▽
(* Let $0<m\le L$, $\kappa=L/m$, and consider the accelerated gradient flow dynamics with $\alpha=1/L$ and constant parameters $(\beta,\gamma)$. The optimal (largest) exponential convergence rate achievable for all $f\in\mathcal{Q}_m^L$ is $\rho=1/\sqrt\kappa$, and the corresponding parameters are $\beta=1+(v-2)/\sqrt\kappa$, $\gamma=v\sqrt\kappa$, where $v\in[0,1]$. This rate is achieved by the heavy-ball dynamics ($\gamma=0$) with $v=0$ and, for $\kappa\ge4$, by Nesterov's dynamics ($\gamma=\beta$) with $v=(\sqrt\kappa-2)/(\kappa-1)$.
   Context: $\mathcal{Q}_m^L$ is the class of quadratic functions $f(x)=\tfrac12x^TQx-q^Tx$ on $\mathbb{R}^n$ with $q\in\mathbb{R}^n$, $Q=Q^T\succ0$ whose largest eigenvalue is $L$ and smallest is $m$; $x^\star$ is the minimizer. The (noiseless) accelerated gradient flow dynamics is $\ddot x+\theta\dot x+\alpha\nabla f(x+\gamma\dot x)=0$ with $\theta=1-\beta$; with $\psi=[(x-x^\star)^T,\dot x^T]^T$ this is $\dot\psi=A\psi$, $A=\begin{bmatrix}0&I\\-\alpha Q&-(\theta I+\gamma\alpha Q)\end{bmatrix}$. It is exponentially stable with rate $\rho>0$ for all $f\in\mathcal{Q}_m^L$ if, for every $f\in\mathcal{Q}_m^L$, all eigenvalues of $A$ have real part at most $-\rho$. *)

From HB Require Import structures.
From mathcomp Require Import all_boot all_order all_algebra.
From mathcomp Require Import reals.
From mathcomp Require Import complex.

Set Implicit Arguments.
Unset Strict Implicit.
Unset Printing Implicit Defensive.

Import Order.TTheory GRing.Theory Num.Theory.
Local Open Scope ring_scope.

Definition sym_posdef (R : realType) (n : nat) (Q : 'M[R]_n) : Prop :=
  Q^T = Q /\ (forall x : 'cV[R]_n, x != 0 -> 0 < (x^T *m Q *m x) 0 0).

(* The Hessians Q of functions f(x) = 1/2 x^T Q x - q^T x in the class Q_m^L:
   Q symmetric positive definite, largest eigenvalue L, smallest eigenvalue m.
   (The linear term q does not enter the dynamics matrix A.) *)
Definition in_QmL (R : realType) (n : nat) (m L : R) (Q : 'M[R]_n) : Prop :=
  sym_posdef Q /\ eigenvalue Q L /\ eigenvalue Q m /\
  (forall a : R, eigenvalue Q a -> m <= a <= L).

Definition AGF_matrix (R : realType) (n : nat) (alpha beta gamma : R)
  (Q : 'M[R]_n) : 'M[R]_(n + n) :=
  block_mx 0 1%:M (- (alpha *: Q))
    (- ((1 - beta) *: 1%:M + (gamma * alpha) *: Q)).

Definition cmx (R : realType) (p : nat) (A : 'M[R]_p) : 'M[R[i]]_p :=
  map_mx (fun x : R => Complex x 0) A.

Definition AGF_exp_stable (R : realType) (n : nat) (m L : R)
  (alpha beta gamma rho : R) : Prop :=
  0 < rho /\
  forall Q : 'M[R]_n, in_QmL m L Q ->
    forall z : R[i], eigenvalue (cmx (AGF_matrix alpha beta gamma Q)) z ->
      complex.Re z <= - rho.

(* For an eigenvector (u, w) of A, eliminating u from the two block equations
   gives -alpha (1 + gamma z) w Q = (z^2 + theta z) w.  Hence, Q being symmetric
   with real spectrum, every eigenvalue z of A either satisfies 1 + gamma z = 0
   or is a root of z^2 + (theta + gamma alpha lam) z + alpha lam for an
   eigenvalue lam of Q, and conversely every such root is an eigenvalue of A.
   All roots of z^2 + b z + c have real part at most -rho iff 2 rho <= b and
   rho^2 - b rho + c >= 0.  With alpha = 1/L, mu = alpha lam ranges over
   [1/kappa, 1]; at mu = 1/kappa the two conditions force rho^2 <= 1/kappa, and
   for rho = 1/sqrt kappa they must be tight there, which together with the
   conditions at mu = 1 pins down (beta, gamma).  Conversely, for the family
   the conditions are affine in mu and hold on all of [1/kappa, 1]. *)

From HB Require Import structures.
From mathcomp Require Import all_boot all_order all_algebra.
From mathcomp Require Import reals.
From mathcomp Require Import complex.
From mathcomp Require Import ring lra.

Set Implicit Arguments.
Unset Strict Implicit.
Unset Printing Implicit Defensive.

Import Order.TTheory GRing.Theory Num.Theory.
Local Open Scope ring_scope.

Section QuadraticRoots.
Variable R : realType.
Local Open Scope complex_scope.
Implicit Types (b c rho x y : R) (z : R[i]).

Lemma quadraticC b c x y :
  (x +i* y) ^+ 2 + b%:C * (x +i* y) + c%:C =
  (x ^+ 2 - y ^+ 2 + b * x + c) +i* (2 * x * y + b * y).
Proof. by rewrite expr2 /=; congr Complex; ring. Qed.

Lemma quadratic_root_Re_le b c rho z :
  2 * rho <= b -> 0 <= rho ^+ 2 - b * rho + c ->
  z ^+ 2 + b%:C * z + c%:C = 0 -> complex.Re z <= - rho.
Proof.
case: z => x y /= hb hc; rewrite quadraticC => -[eRe eIm].
have /eqP : (2 * x + b) * y = 0 by rewrite -eIm; ring.
rewrite mulf_eq0 => /orP[/eqP|/eqP y0]; first lra.
rewrite y0 in eRe; rewrite leNgt; apply/negP => x_gt.
have : (x + rho) * (x - rho + b) = - (rho ^+ 2 - b * rho + c).
  by rewrite -[LHS]subr0 -eRe; ring.
have : 0 < (x + rho) * (x - rho + b) by apply: mulr_gt0; lra.
lra.
Qed.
△
**Work to be completed**
Within the entries above, work out the number of lines that include the string "quadraticC" and give only that.

**Result for this task**
2